Saved entries:
※ ※ ※

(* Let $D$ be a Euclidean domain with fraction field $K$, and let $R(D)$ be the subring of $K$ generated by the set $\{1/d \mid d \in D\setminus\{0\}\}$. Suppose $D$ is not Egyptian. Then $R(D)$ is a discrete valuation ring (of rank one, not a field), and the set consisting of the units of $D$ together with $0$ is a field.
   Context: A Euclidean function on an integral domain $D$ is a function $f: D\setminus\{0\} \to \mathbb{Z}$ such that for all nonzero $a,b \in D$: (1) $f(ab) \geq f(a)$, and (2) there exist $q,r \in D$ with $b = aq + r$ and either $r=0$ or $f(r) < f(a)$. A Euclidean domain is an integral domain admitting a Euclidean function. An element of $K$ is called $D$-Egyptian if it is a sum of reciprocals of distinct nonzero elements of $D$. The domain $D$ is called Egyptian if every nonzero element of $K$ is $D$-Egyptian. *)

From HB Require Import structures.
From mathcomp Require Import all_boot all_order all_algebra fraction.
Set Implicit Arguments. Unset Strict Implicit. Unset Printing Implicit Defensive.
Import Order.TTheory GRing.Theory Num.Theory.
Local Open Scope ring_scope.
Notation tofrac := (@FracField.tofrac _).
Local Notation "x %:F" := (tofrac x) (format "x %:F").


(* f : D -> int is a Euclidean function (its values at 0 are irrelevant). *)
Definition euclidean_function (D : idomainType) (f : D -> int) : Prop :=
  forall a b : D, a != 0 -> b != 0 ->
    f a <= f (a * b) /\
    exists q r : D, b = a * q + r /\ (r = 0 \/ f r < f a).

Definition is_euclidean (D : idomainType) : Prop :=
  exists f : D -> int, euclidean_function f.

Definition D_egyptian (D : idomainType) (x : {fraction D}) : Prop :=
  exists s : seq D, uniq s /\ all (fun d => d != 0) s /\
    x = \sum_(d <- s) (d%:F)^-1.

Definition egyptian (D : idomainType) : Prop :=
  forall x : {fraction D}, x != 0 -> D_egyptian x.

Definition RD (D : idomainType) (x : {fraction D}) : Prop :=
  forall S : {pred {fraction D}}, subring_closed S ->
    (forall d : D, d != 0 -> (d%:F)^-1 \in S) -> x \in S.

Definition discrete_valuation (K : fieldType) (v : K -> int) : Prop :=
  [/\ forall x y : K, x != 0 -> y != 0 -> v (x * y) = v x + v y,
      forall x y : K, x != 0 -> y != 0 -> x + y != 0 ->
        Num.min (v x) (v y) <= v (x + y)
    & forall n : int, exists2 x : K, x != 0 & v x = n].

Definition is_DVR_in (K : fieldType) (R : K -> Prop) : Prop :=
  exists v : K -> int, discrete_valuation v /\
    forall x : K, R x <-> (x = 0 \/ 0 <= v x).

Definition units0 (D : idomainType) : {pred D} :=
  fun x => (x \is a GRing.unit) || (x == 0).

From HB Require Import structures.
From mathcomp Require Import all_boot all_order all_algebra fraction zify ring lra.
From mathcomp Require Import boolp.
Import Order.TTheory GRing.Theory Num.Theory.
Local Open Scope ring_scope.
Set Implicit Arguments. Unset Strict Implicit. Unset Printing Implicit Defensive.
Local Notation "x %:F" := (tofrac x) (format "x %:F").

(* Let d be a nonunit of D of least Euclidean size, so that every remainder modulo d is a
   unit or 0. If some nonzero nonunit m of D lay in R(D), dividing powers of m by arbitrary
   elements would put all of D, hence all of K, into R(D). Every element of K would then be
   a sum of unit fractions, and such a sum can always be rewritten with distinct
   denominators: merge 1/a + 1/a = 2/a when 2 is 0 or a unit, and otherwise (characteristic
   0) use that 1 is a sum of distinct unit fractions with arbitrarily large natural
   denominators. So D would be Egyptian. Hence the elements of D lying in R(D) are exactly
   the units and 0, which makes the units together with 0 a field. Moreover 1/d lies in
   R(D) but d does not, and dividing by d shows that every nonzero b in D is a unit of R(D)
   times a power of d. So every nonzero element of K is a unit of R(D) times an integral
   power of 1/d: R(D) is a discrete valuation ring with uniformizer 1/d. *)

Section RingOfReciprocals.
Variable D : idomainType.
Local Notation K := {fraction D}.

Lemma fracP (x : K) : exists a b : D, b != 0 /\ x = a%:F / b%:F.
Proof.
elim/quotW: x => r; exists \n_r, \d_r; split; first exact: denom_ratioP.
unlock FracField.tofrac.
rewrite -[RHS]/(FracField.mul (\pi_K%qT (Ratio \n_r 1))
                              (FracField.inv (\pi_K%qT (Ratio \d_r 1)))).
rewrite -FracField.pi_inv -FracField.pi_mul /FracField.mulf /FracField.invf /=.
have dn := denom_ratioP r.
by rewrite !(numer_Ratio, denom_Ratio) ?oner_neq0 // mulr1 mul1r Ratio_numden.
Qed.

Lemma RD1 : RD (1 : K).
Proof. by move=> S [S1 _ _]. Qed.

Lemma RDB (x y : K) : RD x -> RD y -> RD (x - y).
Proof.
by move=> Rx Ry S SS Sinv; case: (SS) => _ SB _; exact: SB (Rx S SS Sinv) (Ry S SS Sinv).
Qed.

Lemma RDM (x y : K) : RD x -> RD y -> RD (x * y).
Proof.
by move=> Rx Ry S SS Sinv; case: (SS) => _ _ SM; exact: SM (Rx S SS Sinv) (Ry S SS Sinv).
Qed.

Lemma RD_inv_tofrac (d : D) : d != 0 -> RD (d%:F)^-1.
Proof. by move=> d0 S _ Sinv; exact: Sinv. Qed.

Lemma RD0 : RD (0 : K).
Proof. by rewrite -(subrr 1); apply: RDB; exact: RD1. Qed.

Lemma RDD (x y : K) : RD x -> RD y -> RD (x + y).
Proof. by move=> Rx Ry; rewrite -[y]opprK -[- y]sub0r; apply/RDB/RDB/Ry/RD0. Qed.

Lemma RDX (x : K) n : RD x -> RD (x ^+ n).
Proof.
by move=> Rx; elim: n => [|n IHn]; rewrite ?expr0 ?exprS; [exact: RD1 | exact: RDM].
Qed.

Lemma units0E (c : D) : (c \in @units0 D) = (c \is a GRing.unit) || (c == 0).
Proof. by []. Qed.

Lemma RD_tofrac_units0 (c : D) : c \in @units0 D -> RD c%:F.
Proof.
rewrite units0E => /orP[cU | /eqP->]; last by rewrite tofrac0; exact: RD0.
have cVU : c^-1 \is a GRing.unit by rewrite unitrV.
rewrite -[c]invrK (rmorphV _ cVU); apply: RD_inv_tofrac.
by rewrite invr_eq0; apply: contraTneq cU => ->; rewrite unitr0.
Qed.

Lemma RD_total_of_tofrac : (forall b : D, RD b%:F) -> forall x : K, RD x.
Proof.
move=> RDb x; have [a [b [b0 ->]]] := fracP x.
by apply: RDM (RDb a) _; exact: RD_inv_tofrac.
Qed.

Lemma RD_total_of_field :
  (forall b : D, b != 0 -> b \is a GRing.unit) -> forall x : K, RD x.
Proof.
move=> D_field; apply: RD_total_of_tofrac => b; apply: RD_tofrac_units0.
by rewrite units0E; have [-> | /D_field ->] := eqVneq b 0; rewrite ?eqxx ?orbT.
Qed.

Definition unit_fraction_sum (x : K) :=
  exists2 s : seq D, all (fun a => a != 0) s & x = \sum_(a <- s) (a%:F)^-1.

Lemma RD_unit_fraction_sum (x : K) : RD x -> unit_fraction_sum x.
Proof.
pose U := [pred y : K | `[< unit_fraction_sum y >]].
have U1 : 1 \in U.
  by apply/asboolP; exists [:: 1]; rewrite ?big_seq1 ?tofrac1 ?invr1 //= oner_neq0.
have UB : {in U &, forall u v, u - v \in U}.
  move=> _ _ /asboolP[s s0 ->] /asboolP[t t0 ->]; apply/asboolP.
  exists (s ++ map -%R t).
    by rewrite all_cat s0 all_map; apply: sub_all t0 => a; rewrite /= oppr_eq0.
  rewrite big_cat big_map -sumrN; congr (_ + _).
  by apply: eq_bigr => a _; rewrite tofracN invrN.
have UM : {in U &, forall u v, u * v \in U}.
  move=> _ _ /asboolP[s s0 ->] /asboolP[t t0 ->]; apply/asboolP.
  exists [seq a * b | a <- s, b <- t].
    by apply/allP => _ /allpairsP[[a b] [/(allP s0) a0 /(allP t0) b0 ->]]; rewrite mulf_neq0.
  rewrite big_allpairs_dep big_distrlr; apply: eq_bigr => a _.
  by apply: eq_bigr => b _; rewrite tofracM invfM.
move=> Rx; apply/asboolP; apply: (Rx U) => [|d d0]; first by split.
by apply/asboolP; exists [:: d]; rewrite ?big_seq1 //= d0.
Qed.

※ ※ ※

Out of the data above, set down the lines from the one with "denominators: merge 1/a" to the one with "the units and", both included, exactly as written and with no additions.

   denominators: merge 1/a + 1/a = 2/a when 2 is 0 or a unit, and otherwise (characteristic
   0) use that 1 is a sum of distinct unit fractions with arbitrarily large natural
   denominators. So D would be Egyptian. Hence the elements of D lying in R(D) are exactly
   the units and 0, which makes the units together with 0 a field. Moreover 1/d lies in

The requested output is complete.